(* Let $A=(a_{i,j})$ and $B=(b_{i,j})$ be skew-symmetric $n\times n$ matrices over $\mathbb F$. Then the biderivation of $\mathbb F(x_1,\dots,x_n)$ defined by $\{x_i,x_j\}_b=a_{i,j}x_ix_j+b_{i,j}$ satisfies the Jacobi identity (i.e. $B$ is a deformation matrix of $A$) if and only if $b_{i,j}(a_{i,k}+a_{j,k})=0$ for all pairwise distinct $i,j,k\in\{1,\dots,n\}$.
   Context: $\mathbb F\in\{\mathbb R,\mathbb C\}$. A biderivation is a skew-symmetric bilinear map which is a derivation in each argument; it is determined by its values on the generators $x_i$. *)

From HB Require Import structures.
From mathcomp Require Import all_boot all_order all_algebra.
From mathcomp Require Import mpoly.
Set Implicit Arguments. Unset Strict Implicit. Unset Printing Implicit Defensive.
Import Order.TTheory GRing.Theory Num.Theory.
Local Open Scope ring_scope.
Local Open Scope quotient_scope.

(* The rational function field F(x_1,...,x_n), as the fraction field of the
   polynomial ring {mpoly F[n]}; the generator x_i is indexed by i : 'I_n. *)
Definition ratfun (F : fieldType) (n : nat) := {fraction {mpoly F[n]}}.

Definition xgen (F : fieldType) (n : nat) (i : 'I_n) : ratfun F n :=
  tofrac ('X_i : {mpoly F[n]}).

(* The partial derivative d/dx_i on F(x_1,...,x_n): the unique extension of
   the partial derivative of polynomials, via the quotient rule applied to any
   representative p/q of the fraction. *)
Definition fderiv (F : fieldType) (n : nat) (i : 'I_n) (f : ratfun F n)
  : ratfun F n :=
  let r := repr f in
  let p := (\n_r : {mpoly F[n]}) in
  let q := (\d_r : {mpoly F[n]}) in
  tofrac (mderiv i p * q - p * mderiv i q) / tofrac (q ^+ 2).

Definition bider (F : fieldType) (n : nat) (pi : 'I_n -> 'I_n -> ratfun F n)
  (f g : ratfun F n) : ratfun F n :=
  \sum_(i < n) \sum_(j < n) fderiv i f * fderiv j g * pi i j.

Definition jacobi (F : fieldType) (n : nat)
  (br : ratfun F n -> ratfun F n -> ratfun F n) : Prop :=
  forall f g h : ratfun F n,
    br f (br g h) + br g (br h f) + br h (br f g) = 0.

Definition quad_pi (F : fieldType) (n : nat) (A B : 'M[F]_n)
  (i j : 'I_n) : ratfun F n :=
  tofrac ((A i j)%:MP * 'X_i * 'X_j + (B i j)%:MP : {mpoly F[n]}).

Definition skew_mat (F : fieldType) (n : nat) (M : 'M[F]_n) : Prop :=
  M^T = - M.

From HB Require Import structures.
From mathcomp Require Import all_boot all_order all_algebra.
From mathcomp Require Import mpoly.
From mathcomp Require Import ring.
Import Order.TTheory GRing.Theory Num.Theory.
Local Open Scope ring_scope.
Local Open Scope quotient_scope.
Set Implicit Arguments. Unset Strict Implicit.

(* 1. The partial derivatives d/dx_i of F(x_1,...,x_n) (defined through an
      arbitrary representative p/q by the quotient rule) are additive,
      satisfy the Leibniz rule and commute with each other.  The field
      identities behind this are isolated in the section QuotientRule.
   2. For any commuting derivations D_k of a commutative ring and any skew
      matrix pi, the Jacobiator of the biderivation {f, g} = sum D_i f D_j g
      pi_ij is sum_{a,b,c} D_a f D_b g D_c h J(a,b,c), where
      J(a,b,c) = sum_k pi_ak D_k pi_bc + (cyclic): the second-order terms
      cancel by skewness.  So the Jacobi identity holds iff every
      coefficient J(a,b,c) vanishes (its value on coordinates).
   3. For pi_ij = a_ij x_i x_j + b_ij with constant skew a, b, one computes
      J(a,b,c) = c_abc x_c + c_cab x_b + c_bca x_a with
      c_ijk = b_ij (a_ik + a_jk); the terms with repeated indices always
      cancel (skew matrices have zero diagonal in characteristic 0), and
      the x_i are linearly independent, which gives both directions. *)

(* Algebra of the quotient rule: qderiv a a' b b' is the derivative of a/b
   when a, b have derivatives a', b'. *)
Section QuotientRule.
Variable K : fieldType.

Definition qderiv (a a' b b' : K) : K := (a' * b - a * b') / b ^+ 2.

(* Symmetry of second derivatives of a/b, given the symmetry a_ij = a_ji,
   b_ij = b_ji of the second derivatives of a and b (here b is called e). *)
Lemma qderiv_comm (a ai aj aij e ei ej eij : K) :
  qderiv (aj * e - a * ej) (aij * e + aj * ei - (ai * ej + a * eij))
         (e ^+ 2) (ei * e + e * ei) =
  qderiv (ai * e - a * ei) (aij * e + ai * ej - (aj * ei + a * eij))
         (e ^+ 2) (ej * e + e * ej).
Proof. rewrite /qderiv; ring. Qed.

Variables (b d : K).
Hypotheses (b0 : b != 0) (d0 : d != 0).

(* Well-definedness: if a/b = c/d, and the derivatives are compatible with
   a d = c b, both representatives yield the same derivative. *)
Lemma qderiv_equiv (a a' b' c c' d' : K) :
  a * d = c * b -> a' * d + a * d' = c' * b + c * b' ->
  qderiv c c' d d' = qderiv a a' b b'.
Proof.
move=> eq_ad eq_der.
have def_c : c = a * d / b by rewrite eq_ad mulfK.
have def_c' : c' = (a' * d + a * d' - c * b') / b.
  by apply/(mulIf b0); rewrite divfK // eq_der; ring.
rewrite /qderiv def_c' def_c; field; by rewrite b0 d0.
Qed.

(* Sum rule, for a/b + c/d = (a d + c b)/(b d). *)
Lemma qderivD (a a' b' c c' d' : K) :
  qderiv (a * d + c * b) (a' * d + a * d' + (c' * b + c * b')) (b * d)
         (b' * d + b * d') = qderiv a a' b b' + qderiv c c' d d'.
Proof. by rewrite /qderiv; field; rewrite b0 d0. Qed.

(* Leibniz rule, for (a/b)(c/d) = (a c)/(b d). *)
Lemma qderivM (a a' b' c c' d' : K) :
  qderiv (a * c) (a' * c + a * c') (b * d) (b' * d + b * d') =
  qderiv a a' b b' * (c / d) + a / b * qderiv c c' d d'.
Proof. by rewrite /qderiv; field; rewrite b0 d0. Qed.

End QuotientRule.

Lemma frac_repr (R : idomainType) (f : {fraction R}) :
  f = tofrac (\n_(repr f)) / tofrac (\d_(repr f)).
Proof.
rewrite -{1}[f]reprK; set r := repr f; unlock tofrac.
change (\pi_({fraction R}) r =
  FracField.mul (\pi_({fraction R}) (Ratio (\n_r) 1))
                (FracField.inv (\pi_({fraction R}) (Ratio (\d_r) 1)))).
rewrite -FracField.pi_inv -FracField.pi_mul.
apply/eqmodP => /=.
rewrite FracField.equivfE /FracField.mulf /FracField.invf /=.
rewrite !numden_Ratio ?oner_neq0 ?mulf_neq0 ?oner_neq0 //.
  by rewrite mulr1 mul1r mulrC.
all: by rewrite ?eqxx ?denom_ratioP.
Qed.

·····

TASK ▸
Find each line in the records holding the string "Leibniz" and show it.

PROBLEM SOLUTION ▸
      satisfy the Leibniz rule and commute with each other.  The field
(* Leibniz rule, for (a/b)(c/d) = (a c)/(b d). *)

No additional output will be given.